- _TRY IT_:
Every record must be copied exactly.

Stored data entries
+===+

Lemma mem_cycle_dvd y a b :
  a \in <[y]> -> b \in <[y]> -> (a \in <[b]>) = (#[a] %| #[b]).
Proof.
by move=> ya yb; rewrite -cycle_subG (cardSg_cyclic (cycle_cyclic y)) // cycle_subG.
Qed.

Lemma eq_cycle_order y a b :
  a \in <[y]> -> b \in <[y]> -> #[a] = #[b] -> <[a]> = <[b]>.
Proof.
move=> ya yb oab; apply/eqP.
by rewrite (eq_subG_cyclic (cycle_cyclic y)) ?cycle_subG // -!orderE oab.
Qed.

Lemma p_elt_cycle_total p t a b : prime p -> p.-elt t ->
  a \in <[t]> -> b \in <[t]> -> (a \in <[b]>) || (b \in <[a]>).
Proof.
move=> p_pr /p_natP[n ot] a_t b_t.
rewrite (mem_cycle_dvd a_t b_t) (mem_cycle_dvd b_t a_t).
have /(dvdn_pfactor _ _ p_pr)[i _ ->] : #[a] %| p ^ n by rewrite -ot order_dvdG.
have /(dvdn_pfactor _ _ p_pr)[j _ ->] : #[b] %| p ^ n by rewrite -ot order_dvdG.
by rewrite !dvdn_Pexp2l ?prime_gt1 // leq_total.
Qed.

Lemma is_powE x y : is_pow x y = (x \in <[y]>).
Proof.
apply/existsP/idP => [[k /eqP ->] | /cycleP[i ->]]; first exact: mem_cycle.
rewrite -expg_mod_order; have y_gt0 := order_gt0 y.
case def_k: (i %% #[y]) => [|k].
  have lt_y : #[y].-1 < #[y] by rewrite prednK.
  by exists (Ordinal lt_y); rewrite /= prednK // expg0 expg_order.
have lt_ky : k < #[y] by have := ltn_mod i #[y]; rewrite def_k y_gt0; apply: ltnW.
by exists (Ordinal lt_ky).
Qed.

Lemma padjE x y : padj x y = (x != y) && ((x \in <[y]>) || (y \in <[x]>)).
Proof. by rewrite /padj !is_powE. Qed.

Lemma mem_Nb x z : (z \in Nb x) = (z \in <[x]>) || (x \in <[z]>).
Proof.
rewrite inE padjE; case: (eqVneq z x) => [->|_]; first by rewrite cycle_id.
by rewrite /= orbC.
Qed.

Lemma Nb_id x : x \in Nb x.
Proof. by rewrite mem_Nb cycle_id. Qed.

Lemma eq_Nb_cycle x z : <[x]> = <[z]> -> Nb x = Nb z.
Proof. by move=> eq_xz; apply/setP => w; rewrite !mem_Nb eq_xz -!cycle_subG eq_xz. Qed.
(* In the augmented graph setting of the context, suppose $\sigma,\kappa$ satisfy $\sigma\ge\sigma_i$ and $\kappa\ge\kappa_i$ for all $i$, and that for every virtual edge between center node $i$ and virtual node $(i,j)$ the weight satisfies $\mu_{ij}^2=\frac{\lambda_{\min}^+(L)}{\sigma\kappa_i}L_{i,j}$. Then $$\lambda_{\min}^+(\tilde L)\ge\frac{\lambda_{\min}^+(L)}{2\sigma\kappa},\qquad \tilde L=\Sigma^{-1/2}AA^T\Sigma^{-1/2}.$$
   Context: $G$ is a connected undirected graph on $n$ nodes with edge set $E^{\rm comm}$ of size $E$. For each $i$, $\sigma_i>0$ and $L_{i,j}>0$ ($j=1,\dots,m$), and $\kappa_i=1+\sigma_i^{-1}\sum_{j=1}^mL_{i,j}$. The augmented graph has $n(1+m)$ nodes (center nodes $i$ and virtual nodes $(i,j)$) and edges: those of $G$ plus the virtual edges $i$–$(i,j)$, each with a fixed orientation. With weights $\mu_{k\ell}>0$ (arbitrary on edges of $G$), $A\in\mathbb{R}^{n(1+m)\times(E+nm)}$ is defined by $Ae_{k\ell}=\mu_{k\ell}(e^{(k)}-e^{(\ell)})$, and $L=A_{\rm comm}A_{\rm comm}^T\in\mathbb{R}^{n\times n}$ where $A_{\rm comm}e_{k\ell}=\mu_{k\ell}(e^{(k)}-e^{(\ell)})$ for $(k,\ell)\in E^{\rm comm}$ (the weighted Laplacian of $G$). $\Sigma$ is the diagonal matrix with $\sigma_i$ at center node $i$ and $L_{i,j}$ at virtual node $(i,j)$. $\lambda_{\min}^+$ denotes the smallest nonzero eigenvalue. *)

From HB Require Import structures.
From mathcomp Require Import all_boot all_order all_algebra.
From mathcomp Require Import polyrcf.
Set Implicit Arguments. Unset Strict Implicit. Unset Printing Implicit Defensive.
Import Order.TTheory GRing.Theory Num.Theory.
Local Open Scope ring_scope.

+===+

- _ANSWER FOR THE TASK_:
Lemma mem_cycle_dvd y a b :
  a \in <[y]> -> b \in <[y]> -> (a \in <[b]>) = (#[a] %| #[b]).
Proof.
by move=> ya yb; rewrite -cycle_subG (cardSg_cyclic (cycle_cyclic y)) // cycle_subG.
Qed.

Lemma eq_cycle_order y a b :
  a \in <[y]> -> b \in <[y]> -> #[a] = #[b] -> <[a]> = <[b]>.
Proof.
move=> ya yb oab; apply/eqP.
by rewrite (eq_subG_cyclic (cycle_cyclic y)) ?cycle_subG // -!orderE oab.
Qed.

Lemma p_elt_cycle_total p t a b : prime p -> p.-elt t ->
  a \in <[t]> -> b \in <[t]> -> (a \in <[b]>) || (b \in <[a]>).
Proof.
move=> p_pr /p_natP[n ot] a_t b_t.
rewrite (mem_cycle_dvd a_t b_t) (mem_cycle_dvd b_t a_t).
have /(dvdn_pfactor _ _ p_pr)[i _ ->] : #[a] %| p ^ n by rewrite -ot order_dvdG.
have /(dvdn_pfactor _ _ p_pr)[j _ ->] : #[b] %| p ^ n by rewrite -ot order_dvdG.
by rewrite !dvdn_Pexp2l ?prime_gt1 // leq_total.
Qed.

Lemma is_powE x y : is_pow x y = (x \in <[y]>).
Proof.
apply/existsP/idP => [[k /eqP ->] | /cycleP[i ->]]; first exact: mem_cycle.
rewrite -expg_mod_order; have y_gt0 := order_gt0 y.
case def_k: (i %% #[y]) => [|k].
  have lt_y : #[y].-1 < #[y] by rewrite prednK.
  by exists (Ordinal lt_y); rewrite /= prednK // expg0 expg_order.
have lt_ky : k < #[y] by have := ltn_mod i #[y]; rewrite def_k y_gt0; apply: ltnW.
by exists (Ordinal lt_ky).
Qed.

Lemma padjE x y : padj x y = (x != y) && ((x \in <[y]>) || (y \in <[x]>)).
Proof. by rewrite /padj !is_powE. Qed.

Lemma mem_Nb x z : (z \in Nb x) = (z \in <[x]>) || (x \in <[z]>).
Proof.
rewrite inE padjE; case: (eqVneq z x) => [->|_]; first by rewrite cycle_id.
by rewrite /= orbC.
Qed.

Lemma Nb_id x : x \in Nb x.
Proof. by rewrite mem_Nb cycle_id. Qed.

Lemma eq_Nb_cycle x z : <[x]> = <[z]> -> Nb x = Nb z.
Proof. by move=> eq_xz; apply/setP => w; rewrite !mem_Nb eq_xz -!cycle_subG eq_xz. Qed.
(* In the augmented graph setting of the context, suppose $\sigma,\kappa$ satisfy $\sigma\ge\sigma_i$ and $\kappa\ge\kappa_i$ for all $i$, and that for every virtual edge between center node $i$ and virtual node $(i,j)$ the weight satisfies $\mu_{ij}^2=\frac{\lambda_{\min}^+(L)}{\sigma\kappa_i}L_{i,j}$. Then $$\lambda_{\min}^+(\tilde L)\ge\frac{\lambda_{\min}^+(L)}{2\sigma\kappa},\qquad \tilde L=\Sigma^{-1/2}AA^T\Sigma^{-1/2}.$$
   Context: $G$ is a connected undirected graph on $n$ nodes with edge set $E^{\rm comm}$ of size $E$. For each $i$, $\sigma_i>0$ and $L_{i,j}>0$ ($j=1,\dots,m$), and $\kappa_i=1+\sigma_i^{-1}\sum_{j=1}^mL_{i,j}$. The augmented graph has $n(1+m)$ nodes (center nodes $i$ and virtual nodes $(i,j)$) and edges: those of $G$ plus the virtual edges $i$–$(i,j)$, each with a fixed orientation. With weights $\mu_{k\ell}>0$ (arbitrary on edges of $G$), $A\in\mathbb{R}^{n(1+m)\times(E+nm)}$ is defined by $Ae_{k\ell}=\mu_{k\ell}(e^{(k)}-e^{(\ell)})$, and $L=A_{\rm comm}A_{\rm comm}^T\in\mathbb{R}^{n\times n}$ where $A_{\rm comm}e_{k\ell}=\mu_{k\ell}(e^{(k)}-e^{(\ell)})$ for $(k,\ell)\in E^{\rm comm}$ (the weighted Laplacian of $G$). $\Sigma$ is the diagonal matrix with $\sigma_i$ at center node $i$ and $L_{i,j}$ at virtual node $(i,j)$. $\lambda_{\min}^+$ denotes the smallest nonzero eigenvalue. *)

From HB Require Import structures.
From mathcomp Require Import all_boot all_order all_algebra.
From mathcomp Require Import polyrcf.
Set Implicit Arguments. Unset Strict Implicit. Unset Printing Implicit Defensive.
Import Order.TTheory GRing.Theory Num.Theory.
Local Open Scope ring_scope.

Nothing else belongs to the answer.